番茄黃化捲葉病係由粉蝨傳播的雙生病毒所引起，乃世界上番茄生產之重要限制因子。本研究旨在瞭解台灣地區番茄黃化捲葉病對番茄生長之影響及其可能之病因，以作為田間流行病研究及病害防治的參考。本研究首先以目視病徵法於台灣10個重要番茄栽培縣，進行黃化捲葉病田間罹病率調查，隨後逢機採集罹病株之葉片以酵素連結抗體法(Enzyme-linked Immunosorbent Assay, ELISA)做Geminivirus病毒檢測，再配合電子顯微鏡，觀察病毒顆粒及罹病植株細胞內病變情形。調查結果顯示台灣地區番茄約有17%罹染番茄黃化捲葉病。其中以高雄縣之34%最嚴重，南投縣之2%最輕微；分析結果顯示不同期作及不同栽培地區對田間目視罹病率、室內ELISA檢測及實際罹患番茄黃化捲葉病等結果，都有極顯著的差異影響。電子顯微鏡觀察，可以在罹病番茄葉片組織內發現雙生病毒顆粒；而在罹病番茄葉片的韌皮細胞中可以觀察到細胞核核仁異常腫大，而且內含病變的纖維環(fibrillar ring)、顆粒內含體(granular inclusion)、以及有病毒顆粒聚集等現象。
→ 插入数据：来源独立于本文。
(* Let $H=\langle a,b\mid a^2=ba^2b\rangle$. Then $H$ is reduced and atomic with $\mathcal A(H)=\{a,b\}$, and $\rho_k(H)=\infty$ for all $k\ge 2$.
   Context: $H$ is the monoid presented by generators $a,b$ and the single relation $a^2=ba^2b$. $\mathcal A(H)$ is its set of atoms (irreducible non-units). For $c\in H$, $\mathsf L(c)$ is the set of all $k$ such that $c$ is a product of $k$ atoms; $\mathcal U_k(H)$ is the union of all $\mathsf L(c)$ containing $k$, and $\rho_k(H)=\sup\mathcal U_k(H)$. *)

(* The monoid H = < a, b | a^2 = b a^2 b > is modelled as
   words over the alphabet {a,b} (letters: false = a, true = b) modulo the
   congruence generated by the defining relation.  All notions (units,
   atoms, lengths sets, unions of sets of lengths) are stated on words and
   are invariant under the congruence, so they are notions about H. *)
From Stdlib Require Import List Relations.
Import ListNotations.

Definition letter := bool.
Definition ga : letter := false.
Definition gb : letter := true.
Definition word := list letter.

Inductive step : word -> word -> Prop :=
| step_rel : forall u v : word,
    step (u ++ [ga; ga] ++ v) (u ++ [gb; ga; ga; gb] ++ v).

Definition cong : word -> word -> Prop := clos_refl_sym_trans word step.

Definition is_unit (w : word) : Prop :=
  exists v : word, cong (w ++ v) [] /\ cong (v ++ w) [].

Definition reduced : Prop := forall w : word, is_unit w -> cong w [].

Definition atom (w : word) : Prop :=
  ~ is_unit w /\
  forall u v : word, cong w (u ++ v) -> is_unit u \/ is_unit v.

Definition atomic : Prop :=
  forall w : word, ~ is_unit w ->
    exists ws : list word, ws <> [] /\ Forall atom ws /\ cong w (concat ws).

Definition Lset (c : word) (k : nat) : Prop :=
  exists ws : list word, length ws = k /\ Forall atom ws /\ cong c (concat ws).

(* m \in U_k(H) : the union of all L(c) with k \in L(c) *)
Definition Uset (k m : nat) : Prop := exists c : word, Lset c k /\ Lset c m.

(* rho_k(H) = sup U_k(H) = infinity, i.e. U_k(H) is unbounded in N *)
Definition rho_infinite (k : nat) : Prop :=
  forall N : nat, exists m : nat, N < m /\ Uset k m.

(* Both sides of the relation a^2 = b a^2 b have length 2, so the empty word
   and the one-letter words are alone in their congruence classes.  Hence 1 is
   the only unit, the atoms are exactly a and b, and every non-unit is the
   product of its letters.  Iterating the relation gives a^2 = b^n a^2 b^n, so
   a^k (k >= 2) factors into k atoms and also into k + 2n atoms. *)
From Stdlib Require Import List Relations Lia.
Import ListNotations.

Lemma cong_invariant (P : word -> Prop) :
  (forall x y, step x y -> (P x <-> P y)) ->
  forall x y, cong x y -> (P x <-> P y).
Proof.
  intros Hstep x y C. induction C; [apply Hstep; assumption | tauto | tauto | tauto].
Qed.

Lemma step_length_ge2 x y : step x y -> 2 <= length x /\ 2 <= length y.
Proof. intros S. inversion S. rewrite !length_app. simpl. lia. Qed.

Lemma cong_short x w : length w <= 1 -> cong x w -> x = w.
Proof.
  intros Hw C. apply (cong_invariant (fun z => z = w)) with (x := x) (y := w); auto.
  intros p q S. apply step_length_ge2 in S. split; intros; subst; lia.
Qed.

Lemma is_unit_nil : is_unit [].
Proof. exists []. split; apply rst_refl. Qed.

Lemma is_unit_eq_nil w : is_unit w -> w = [].
Proof.
  intros [v [C _]]. apply cong_short in C; [|simpl; lia].
  apply app_eq_nil in C. tauto.
Qed.

Lemma atom_letter x : atom [x].
Proof.
  split.
  - intros U. apply is_unit_eq_nil in U. discriminate.
  - intros u v C. apply rst_sym, cong_short in C; [|simpl; lia].
    destruct u as [|y u]; [left; apply is_unit_nil|].
    right. injection C as _ Huv. apply app_eq_nil in Huv as [_ ->].
    apply is_unit_nil.
Qed.

Lemma atom_length w : atom w -> length w = 1.
Proof.
  intros [NU A]. destruct w as [|x [|y r]]; [| reflexivity |].
  - exfalso. apply NU, is_unit_nil.
  - destruct (A [x] (y :: r) (rst_refl _ _ _)) as [U|U];
      apply is_unit_eq_nil in U; discriminate.
Qed.

Definition letters (w : word) : list word := map (fun x => [x]) w.

Lemma concat_letters w : concat (letters w) = w.
Proof. induction w; simpl; congruence. Qed.

Lemma Forall_atom_letters w : Forall atom (letters w).
Proof.
  apply Forall_forall. intros z Hz. apply in_map_iff in Hz as [x [<- _]].
  apply atom_letter.
Qed.

Lemma Lset_length c w : cong c w -> Lset c (length w).
Proof.
  intros C. exists (letters w). split; [apply length_map|].
  split; [apply Forall_atom_letters | rewrite concat_letters; exact C].
Qed.

Lemma cong_pump n t :
  cong ([ga; ga] ++ t) (repeat gb n ++ [ga; ga] ++ repeat gb n ++ t).
Proof.
  induction n as [|n IH]; [apply rst_refl|].
  eapply rst_trans; [exact IH|]. apply rst_step.
  replace (repeat gb (S n) ++ [ga; ga] ++ repeat gb (S n) ++ t)
    with (repeat gb n ++ [gb; ga; ga; gb] ++ (repeat gb n ++ t)).
  - apply step_rel.
  - change (repeat gb (S n)) with (gb :: repeat gb n) at 1.
    rewrite repeat_cons, <- app_assoc. reflexivity.
Qed.

Lemma Uset_pump k n : Uset (S (S k)) (S (S k) + 2 * n).
Proof.
  exists (repeat ga (S (S k))). split.
  - rewrite <- (repeat_length ga (S (S k))) at 2. apply Lset_length, rst_refl.
  - pose proof (Lset_length _ _ (cong_pump n (repeat ga k))) as L.
    rewrite !length_app, !repeat_length in L. simpl in L.
    replace (S (S k) + 2 * n) with (n + S (S (n + k))) by lia. exact L.
Qed.

Theorem mainTheorem6 :
  reduced /\ atomic /\
  (forall w : word, atom w <-> (cong w [ga] \/ cong w [gb])) /\
  (forall k : nat, 2 <= k -> rho_infinite k).
Proof.
  split; [|split; [|split]].
  - intros w U. rewrite (is_unit_eq_nil w U). apply rst_refl.
  - intros w NU. exists (letters w). split; [|split].
    + destruct w; [exfalso; apply NU, is_unit_nil | discriminate].
    + apply Forall_atom_letters.
    + rewrite concat_letters. apply rst_refl.
  - intros w. split.
    + intros Aw. destruct w as [|[|] [|]]; try (apply atom_length in Aw; discriminate).
      * right. apply rst_refl.
      * left. apply rst_refl.
    + intros [C|C]; apply cong_short in C; simpl; auto; subst; apply atom_letter.
  - intros k Hk N. exists (k + 2 * S N). split; [lia|].
    destruct k as [|[|k]]; [lia | lia | apply Uset_pump].
Qed.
網室內，不同生長期接種病毒對番茄在病徵初次出現之日數之影響，因品種不同差異頗大；接種病毒日數多寡對大部分番茄品種在病徵初次出現之日數影響不大；不同生長期接種病毒對番茄罹病率之影響，因品種不同略有差異；接種病毒日數多寡對番茄罹病率完全沒有影響；病毒在罹染病毒植株內之量有消長現象，其情形在不同番茄品種上皆呈先高而後遞減，最後再遞增；田間不同品種罹染病毒對病徵出現之平均日數，並無顯著影響，而不同生育期罹染病毒對病徵出現之平均日數卻有極顯著影響；相同田間定置植期，感染病毒與否對各品種之始花期均無顯著影響，而不同田間定置期對各品種之始花期則均有極顯著影響；聖女品種番茄之株高在移植後44,51,58天等生育期受病毒感染與否之影響極顯著，但移植後66天受病毒感染與否之影響不顯著；農友301品種番茄之株高在移植後51天受病毒感染與否之影響顯著，但移植後44,58,66天受病毒感染與否之影響不顯著；西施、亞蔬33號及亞蔬6號三個品種番茄之株高在移植後44,51,58,66天受病毒感染與否之影響均不顯著。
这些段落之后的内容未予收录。